Compared to primary CMM, their metastases commonly express higher levels of genes including MAGE, GPR 19, BCL2A1, MMP14, SOX5, BVB1, and RGS20 [32]. The same is true for the presently gathered series of HOX gene disturbances. The transition from non-metastatic to metastatic expression of HOX activation levels occurs as the CMM increases in thickness. The transition in gene expression appears to occur at different thicknesses for different CMM genes. This critical transition timing for the emergence of the metastatic phenotype is a key moment in the evolution of CMM [36]. Multiple genes are involved in the progression or suppression of the metastatic CMM phenotype. Tumour oncogenes include SPP-1, MITF, CITED-1, GDF-15, c-Met, and HOX loci [37]. Suppressor genes include PITX-1, CST-6, PDGFRL, DSC-3, POU2F3, CLCA2, and ST7L. Silencing oncogenes and tumour suppressor genes is possible [25].

HOX genes are transcriptional regulators, which modulate embryonic morphogenesis and pathological tissue remodelling in adults via regulation of genes associated with cell-cell or cell extracellular matrix (ECM) interactions [24]. Members of the HOX family of homeodomain-containing transcription factors are deregulated in CMM [38]. HOX proteins are transactivating factors regulation gene expression. The homeodomain is capable to bind to specific DNA sequences, including promoters of other HOX genes, and to enhance or inhibit transcription. Alteration of such a complex network controlling cell proliferation contributes to the multistep process underlying the onset of neoplasia.
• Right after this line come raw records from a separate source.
(* Let $\mathcal{G}$ be a connected undirected weighted graph (nonzero real weights, possibly negative) such that $L(\mathcal{G})$ has exactly one zero eigenvalue. Let $\mathcal{T}$ be a spanning tree with cycle subgraph $\mathcal{C}$. Then $R_{(\mathcal{T},\mathcal{C})}WR_{(\mathcal{T},\mathcal{C})}^T$ and $L_{ess}(\mathcal{T})$ are invertible and the Moore–Penrose pseudo-inverse of $L(\mathcal{G})$ is $$L^{\dagger}(\mathcal{G})=(E_{\mathcal{T}}^L)^T\big(R_{(\mathcal{T},\mathcal{C})}WR_{(\mathcal{T},\mathcal{C})}^T\big)^{-1}E_{\mathcal{T}}^L=(E_{\mathcal{T}}^L)^T L_{ess}(\mathcal{T})^{-1}E_{\mathcal{T}}^T,$$ where $E_{\mathcal{T}}^L=L_e(\mathcal{T})^{-1}E_{\mathcal{T}}^T$.
   Context: A weighted graph $\mathcal{G}=(\mathcal{V},\mathcal{E},\mathcal{W})$ has weights $\mathcal{W}:\mathcal{E}\to\mathbb{R}\setminus\{0\}$ collected in the diagonal matrix $W$. With an arbitrary edge orientation, the incidence matrix $E$ has in the column of edge $(i,j)$ entry $+1$ in row $i$, $-1$ in row $j$, $0$ elsewhere; $L(\mathcal{G})=EWE^T$. For a spanning tree $\mathcal{T}$, $\mathcal{C}$ is the subgraph of the remaining edges, edges ordered so $E=[E_{\mathcal{T}}\ E_{\mathcal{C}}]$ and $W$ correspondingly. $L_e(\mathcal{T})=E_{\mathcal{T}}^TE_{\mathcal{T}}$ (invertible), $E_{\mathcal{T}}^L=L_e(\mathcal{T})^{-1}E_{\mathcal{T}}^T$ is a left inverse of $E_{\mathcal{T}}$, $R_{(\mathcal{T},\mathcal{C})}=[\,I\ \ L_e(\mathcal{T})^{-1}E_{\mathcal{T}}^TE_{\mathcal{C}}\,]$, and $L_{ess}(\mathcal{T})=L_e(\mathcal{T})R_{(\mathcal{T},\mathcal{C})}WR_{(\mathcal{T},\mathcal{C})}^T$. *)

From HB Require Import structures.
From mathcomp Require Import all_boot all_order all_algebra.
Set Implicit Arguments. Unset Strict Implicit. Unset Printing Implicit Defensive.
Import Order.TTheory GRing.Theory Num.Theory.
Local Open Scope ring_scope.

(* A weighted graph on the vertex set 'I_n with m edges is given by an edge
   map ed : 'I_m -> 'I_n * 'I_n (edge j oriented from (ed j).1 to (ed j).2)
   and a weight map w : 'I_m -> R. *)

Definition simple_edges (n m : nat) (ed : 'I_m -> 'I_n * 'I_n) : Prop :=
  (forall j, (ed j).1 != (ed j).2) /\
  (forall j j', j != j' -> ed j <> ed j' /\ ed j <> ((ed j').2, (ed j').1)).

Definition adj_rel (n m : nat) (ed : 'I_m -> 'I_n * 'I_n) : rel 'I_n :=
  fun u v => [exists j, ((ed j).1 == u) && ((ed j).2 == v)
                     || ((ed j).1 == v) && ((ed j).2 == u)].

Definition connected_edges (n m : nat) (ed : 'I_m -> 'I_n * 'I_n) : Prop :=
  forall u v : 'I_n, connect (adj_rel ed) u v.

Definition incidence (R : pzRingType) (n m : nat) (ed : 'I_m -> 'I_n * 'I_n)
  : 'M[R]_(n, m) :=
  \matrix_(i, j) (((i == (ed j).1)%:R) - ((i == (ed j).2)%:R)).

Definition weight_mx (R : pzRingType) (m : nat) (w : 'I_m -> R) : 'M[R]_m :=
  diag_mx (\row_j w j).

Definition is_MP_inverse (R : pzRingType) (n m : nat)
  (A : 'M[R]_(n, m)) (X : 'M[R]_(m, n)) : Prop :=
  [/\ A *m X *m A = A, X *m A *m X = X,
      (A *m X)^T = A *m X & (X *m A)^T = X *m A].

From HB Require Import structures.
From mathcomp Require Import all_boot all_order all_algebra.
Set Implicit Arguments. Unset Strict Implicit. Unset Printing Implicit Defensive.
Import Order.TTheory GRing.Theory Num.Theory.
Local Open Scope ring_scope.

(* Connectivity of the spanning tree makes the left kernel of E_T the constant
   rows, so E_T has full column rank, L_e(T) = E_T^T E_T is invertible, and the
   columns of E_C, also annihilated by the constants, factor through E_T:
   E = E_T R.  Thus L = E_T M E_T^T with M = R W R^T, and conjugating by the
   invertible matrix [1 | E_T] turns L into diag(0, M L_e(T)); a simple zero
   eigenvalue of L therefore makes M L_e(T), hence M and L_ess, invertible.  The
   Penrose equations for (E_T^L)^T M^-1 E_T^L only use E_T^L E_T = 1 and the
   symmetry of E_T E_T^L. *)

Lemma mulmx_trmx_eq0 (R : realDomainType) m n (A : 'M[R]_(m, n)) :
  A *m A^T = 0 -> A = 0.
Proof.
move=> AAt0; apply/matrixP => i j; rewrite mxE.
have := congr1 (fun M : 'M_m => M i i) AAt0; rewrite !mxE => sum_sq0.
have sq_ge0 (l : 'I_n) : true -> 0 <= A i l * A^T l i.
  by move=> _; rewrite mxE -expr2 sqr_ge0.
have /eqP := psumr_eq0P sq_ge0 sum_sq0 (i:=j) isT.
by rewrite mxE mulf_eq0 orbb => /eqP.
Qed.

Section Gram.
Variables (R : realFieldType) (m n : nat) (A : 'M[R]_(m, n)).

Lemma gram_unitmx : \rank A = n -> A^T *m A \in unitmx.
Proof.
move=> rkA; rewrite -row_free_unit -kermx_eq0; apply/rowV0P => v /sub_kermxP.
rewrite mulmxA => vAtA0.
have /mulmx_trmx_eq0 vAt0 : (v *m A^T) *m (v *m A^T)^T = 0.
  by rewrite trmx_mul trmxK mulmxA vAtA0 mul0mx.
have rfAt : row_free A^T by rewrite /row_free mxrank_tr rkA.
by apply: (row_free_inj rfAt); rewrite vAt0 mul0mx.
Qed.

(* The factor is the least-squares solution of A X = B. *)
Lemma factor_through_gram r (B : 'M[R]_(m, r)) :
  A^T *m A \in unitmx -> (forall x : 'rV_m, x *m A = 0 -> x *m B = 0) ->
  B = A *m (invmx (A^T *m A) *m A^T *m B).
Proof.
move=> gramU kerAB; pose Y := B - A *m (invmx (A^T *m A) *m A^T *m B).
have AtY0 : A^T *m Y = 0.
  by rewrite /Y mulmxBr !mulmxA mulmxV // mul1mx subrr.
have YtB0 : Y^T *m B = 0.
  apply/row_matrixP => j; rewrite row_mul row0 kerAB //.
  by rewrite -row_mul -(trmxK A) -trmx_mul AtY0 trmx0 row0.
have : Y^T *m Y^T^T = 0.
  rewrite trmxK {2}/Y mulmxBr YtB0 mulmxA -(trmxK A) -trmx_mul AtY0.
  by rewrite trmx0 mul0mx subrr.
by move=> /mulmx_trmx_eq0 /eqP; rewrite trmx_eq0 subr_eq0 => /eqP.
Qed.

End Gram.

Lemma char_poly_conjmx (R : fieldType) n (A S : 'M[R]_n) : S \in unitmx ->
  char_poly (invmx S *m A *m S) = char_poly A.
Proof.
move=> SU; rewrite /char_poly.
have SiS : map_mx (@polyC R) (invmx S) *m map_mx polyC S = 1%:M.
  by rewrite -map_mxM mulVmx // map_mx1.
have SSi : map_mx (@polyC R) S *m map_mx polyC (invmx S) = 1%:M.
  by rewrite -map_mxM mulmxV // map_mx1.
have -> : char_poly_mx (invmx S *m A *m S) =
  map_mx polyC (invmx S) *m char_poly_mx A *m map_mx polyC S.
  rewrite /char_poly_mx mulmxBr mulmxBl !map_mxM.
  rewrite -(mulmxA (map_mx polyC (invmx S))) scalar_mxC mulmxA.
  by rewrite -(mulmxA _ (map_mx polyC (invmx S))) SiS mulmx1.
by rewrite !det_mulmx mulrC mulrA -det_mulmx SSi det1 mul1r.
Qed.

Lemma unitmx_of_mup0_X_char_poly (R : fieldType) n (N : 'M[R]_n) :
  mup 0 ('X * char_poly N) = 1%N -> N \in unitmx.
Proof.
have mupX : mup (0 : R) 'X = 1%N.
  by have := mup_XsubCX 1 (0 : R) 0; rewrite subr0 expr1 eqxx.
rewrite mupM ?polyX_eq0 ?monic_neq0 ?char_poly_monic // mupX => /eqP.
rewrite -{2}(addn0 1%N) eqn_add2l => /eqP mupN0.
have : ~~ root (char_poly N) 0.
  by rewrite -dvdp_XsubCl XsubC_dvd ?monic_neq0 ?char_poly_monic // mupN0.
by rewrite /root horner_coef0 char_poly_det mulf_eq0 signr_eq0 unitmxE unitfE.
Qed.

Lemma is_MP_inverse_factor (R : comUnitRingType) n q (A : 'M[R]_(n, q))
    (B : 'M[R]_(q, n)) (M : 'M[R]_q) :
  B *m A = 1%:M -> M \in unitmx -> (A *m B)^T = A *m B ->
  is_MP_inverse (A *m M *m A^T) (B^T *m invmx M *m B).
Proof.
move=> BA MU ABsym.
have AtBt : A^T *m B^T = 1%:M by rewrite -trmx_mul BA trmx1.
have AX : A *m M *m A^T *m (B^T *m invmx M *m B) = A *m B.
  by rewrite !mulmxA -(mulmxA _ A^T) AtBt mulmx1 -(mulmxA _ M) mulmxV // mulmx1.
have XA : B^T *m invmx M *m B *m (A *m M *m A^T) = (A *m B)^T.
  rewrite trmx_mul !mulmxA -(mulmxA _ B) BA mulmx1.
  by rewrite -(mulmxA _ (invmx M)) mulVmx // mulmx1.
split; rewrite ?AX ?XA ?trmxK ?ABsym //.
- by rewrite !mulmxA -(mulmxA _ B) BA mulmx1.
- by rewrite -ABsym trmx_mul !mulmxA -(mulmxA _ A^T) AtBt mulmx1.
Qed.

Lemma invmxM (R : comUnitRingType) n (A B : 'M[R]_n) :
  A \in unitmx -> B \in unitmx -> invmx (A *m B) = invmx B *m invmx A.
Proof.
move=> AU BU; have ABU : A *m B \in unitmx by rewrite unitmx_mul AU BU.
have ABinv : A *m B *m (invmx B *m invmx A) = 1%:M.
  by rewrite mulmxA -(mulmxA A) mulmxV // mulmx1 mulmxV.
by rewrite -[LHS]mulmx1 -ABinv mulmxA mulVmx // mul1mx.
Qed.

Section ConstantLeftKernel.
Variables (R : realFieldType) (n : nat) (A : 'M[R]_(n.+1, n)).
Hypothesis ones_mulA : (const_mx 1 : 'rV[R]_n.+1) *m A = 0.
Hypothesis left_kerA : forall x : 'rV_n.+1, x *m A = 0 -> x = x 0 0 *: const_mx 1.

Lemma rank_const_left_kernel : \rank A = n.
Proof.
apply/eqP; rewrite eqn_leq rank_leq_col /=.
have kerA_ones : (kermx A <= (const_mx 1 : 'rV[R]_n.+1))%MS.
  apply/row_subP => i; have /sub_kermxP := row_sub i (kermx A).
  by move=> /left_kerA ->; rewrite scalemx_sub.
have := leq_trans (mxrankS kerA_ones) (rank_leq_row _).
by rewrite mxrank_ker leq_subLR addn1 ltnS.
Qed.

Lemma gram_const_left_kernel_unitmx : A^T *m A \in unitmx.
Proof. exact/gram_unitmx/rank_const_left_kernel. Qed.

Lemma factor_const_left_kernel r (B : 'M[R]_(n.+1, r)) :
  (const_mx 1 : 'rV[R]_n.+1) *m B = 0 -> B = A *m (invmx (A^T *m A) *m A^T *m B).
Proof.
move=> ones_mulB; apply: factor_through_gram gram_const_left_kernel_unitmx _.
by move=> x /left_kerA ->; rewrite -scalemxAl ones_mulB scaler0.
Qed.

Lemma unitmx_row_ones : (row_mx (const_mx 1) A : 'M_(n.+1, 1 + n)) \in unitmx.
Proof.
rewrite -row_free_unit -kermx_eq0; apply/rowV0P => v /sub_kermxP vS0.
have {}vS0 : v *m (row_mx (const_mx 1) A : 'M_(n.+1, 1 + n)) = 0 := vS0.
have [v_ones0 /left_kerA vE] : v *m (const_mx 1 : 'cV_n.+1) = 0 /\ v *m A = 0.
  by apply/eq_row_mx; rewrite row_mx0 -mul_mx_row.
move: v_ones0; rewrite vE => /(congr1 (fun M : 'M_1 => M 0 0)).
rewrite !mxE; under eq_bigr do rewrite !mxE !mulr1.
rewrite sumr_const card_ord => /eqP; rewrite mulrn_eq0 => /eqP v00.
by rewrite v00 scale0r.
Qed.

(* [1 | A] conjugates A M A^T to the block diagonal matrix diag(0, M A^T A). *)
Lemma char_poly_const_left_kernel (M : 'M[R]_n) :
  char_poly (A *m M *m A^T) = 'X * char_poly (M *m (A^T *m A)).
Proof.
pose S : 'M_(n.+1, 1 + n) := row_mx (const_mx 1) A.
pose D : 'M_(1 + n) := block_mx 0 0 0 (M *m (A^T *m A)).
have AtOnes : A^T *m (const_mx 1 : 'cV_n.+1) = 0.
  by rewrite -[const_mx 1]trmx_const -trmx_mul ones_mulA trmx0.
have LS : A *m M *m A^T *m S = S *m D.
  rewrite mul_mx_row mul_row_block !mulmx0 !addr0 add0r.
  by rewrite -!mulmxA AtOnes !mulmx0.
have conjD : invmx S *m (A *m M *m A^T) *m S = D.
  by rewrite -mulmxA LS mulmxA mulVmx ?unitmx_row_ones // mul1mx.
have charD : char_poly D = 'X * char_poly (M *m (A^T *m A)).
  rewrite /char_poly /D char_block_diag_mx det_ublock.
  by rewrite /char_poly_mx map_mx0 subr0 det_scalar1.
by rewrite -charD -conjD char_poly_conjmx ?unitmx_row_ones.
Qed.

End ConstantLeftKernel.

Section Incidence.
Variables (R : pzRingType) (n q : nat) (ed : 'I_q -> 'I_n * 'I_n).

Lemma incidence_rowE (x : 'rV[R]_n) j :
  (x *m incidence R ed) 0 j = x 0 (ed j).1 - x 0 (ed j).2.
Proof.
have sum_delta (a : 'I_n) : \sum_i x 0 i * (i == a)%:R = x 0 a.
  rewrite (bigD1 a) //= eqxx mulr1 big1 ?addr0 // => i /negbTE ->.
  by rewrite mulr0.
rewrite mxE -!sum_delta -sumrB; apply: eq_bigr => i _.
by rewrite mxE mulrBr.
Qed.

Lemma const_mul_incidence : (const_mx 1 : 'rV[R]_n) *m incidence R ed = 0.
Proof. by apply/matrixP => i j; rewrite ord1 incidence_rowE !mxE subrr. Qed.

Lemma incidence_left_kernel (u v : 'I_n) (x : 'rV[R]_n) :
  connect (adj_rel ed) u v -> x *m incidence R ed = 0 -> x 0 u = x 0 v.
Proof.
move=> /connectP [s] + -> xE0; elim: s u => [|a s IHs] u //= /andP [uEa pas].
rewrite -(IHs a pas); case/existsP: uEa => j /orP [] /andP [/eqP e1 /eqP e2];
  have /eqP := congr1 (fun M : 'rV_q => M 0 j) xE0;
  by rewrite incidence_rowE mxE e1 e2 subr_eq0 => /eqP.
Qed.

End Incidence.

Lemma connected_incidence_left_kernel (R : pzRingType) n q
    (ed : 'I_q -> 'I_n.+1 * 'I_n.+1) (x : 'rV[R]_n.+1) :
  connected_edges ed -> x *m incidence R ed = 0 -> x = x 0 0 *: const_mx 1.
Proof.
move=> conn xE0; apply/matrixP => i j.
by rewrite ord1 !mxE mulr1 (incidence_left_kernel (conn 0 j) xE0).
Qed.

Theorem proposition2 (R : realFieldType) (p k : nat)
  (ed : 'I_(p + k) -> 'I_p.+1 * 'I_p.+1) (w : 'I_(p + k) -> R) :
  simple_edges ed ->
  (forall j, w j != 0) ->
  connected_edges ed ->
  let E : 'M[R]_(p.+1, p + k) := incidence R ed in
  let W : 'M[R]_(p + k) := weight_mx w in
  let L : 'M[R]_p.+1 := E *m W *m E^T in
  mup 0 (char_poly L) = 1%N ->
  (* T is a spanning tree: its p edges connect all p+1 vertices *)
  connected_edges (fun j : 'I_p => ed (lshift k j)) ->
  let ET : 'M[R]_(p.+1, p) := lsubmx E in
  let EC : 'M[R]_(p.+1, k) := rsubmx E in
  let Le : 'M[R]_p := ET^T *m ET in
  let ETL : 'M[R]_(p, p.+1) := invmx Le *m ET^T in
  let Rm : 'M[R]_(p, p + k) := row_mx 1%:M (invmx Le *m ET^T *m EC) in
  let Less : 'M[R]_p := Le *m (Rm *m W *m Rm^T) in
  [/\ Rm *m W *m Rm^T \in unitmx,
      Less \in unitmx,
      is_MP_inverse L (ETL^T *m invmx (Rm *m W *m Rm^T) *m ETL)
    & ETL^T *m invmx (Rm *m W *m Rm^T) *m ETL = ETL^T *m invmx Less *m ET^T].
Proof.
move=> _ _ _ E W L mupL connT ET EC Le ETL Rm Less.
have ones_mulE : (const_mx 1 : 'rV_p.+1) *m E = 0 by apply: const_mul_incidence.
have ones_mulET : (const_mx 1 : 'rV_p.+1) *m ET = 0.
  by rewrite mulmx_lsub ones_mulE linear0.
have ET_tree : ET = incidence R (fun j => ed (lshift k j)).
  by apply/matrixP => i j; rewrite !mxE.
have left_kerET (x : 'rV_p.+1) : x *m ET = 0 -> x = x 0 0 *: const_mx 1.
  by rewrite ET_tree; apply: connected_incidence_left_kernel.
have LeU : Le \in unitmx := gram_const_left_kernel_unitmx left_kerET.
have E_factor : E = ET *m Rm.
  rewrite /Rm mul_mx_row mulmx1 -(factor_const_left_kernel left_kerET) ?hsubmxK //.
  by rewrite mulmx_rsub ones_mulE linear0.
set M := Rm *m W *m Rm^T.
have L_factor : L = ET *m M *m ET^T by rewrite /L E_factor trmx_mul !mulmxA.
have : M *m Le \in unitmx.
  apply: unitmx_of_mup0_X_char_poly.
  by rewrite -(char_poly_const_left_kernel ones_mulET left_kerET) -L_factor.
rewrite unitmx_mul => /andP [MU _].
have LessU : Less \in unitmx by rewrite unitmx_mul LeU MU.
split => //.
- rewrite L_factor; apply: is_MP_inverse_factor => //.
    by rewrite /ETL -mulmxA mulVmx.
  by rewrite /ETL !trmx_mul trmxK trmx_inv trmx_mul trmxK mulmxA.
- by rewrite invmxM // /ETL !mulmxA.
Qed.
Indeed, alterations of specific groups of HOX genes are associated with neoplastic transformation in different tissues including the breast, kidney, lymphoid organ, colon, lung, thyroid, bladder, prostate, and skin [17]. Accordingly, identifying the HOX expression levels is expected to have a diagnostic value and to establish the prognosis of the neoplasm under consideration. Different specific HOX gene aberrant expressions have been reported in CMM. It has been suggested that HOX genes contribute to CMM transformation and progression via the basic fibroblast growth factor (bFGF), which promotes an autocrine loop in CMM and is one of the major angiogenic factors [27]. Initiation of CMM metastasis is a key event in the neoplastic progression. The molecular mechanisms and the possible genetic dysfunction underlying this process remain obscure, but the intervention of HOX genes is likely.

4. Conclusion

The gene expression profiling of primary, nonmetastatic and metastatic CMM has resulted in the identification of several genes that are centrally involved in the progression and metastatic potential of CMM [7]. Among these mechanisms, homeoproteins represent transactivating factors issued from HOX genes that regulate a series of gene expression [18, 19]. Some alterations in specific HOX genes are activated during various malignant transformations.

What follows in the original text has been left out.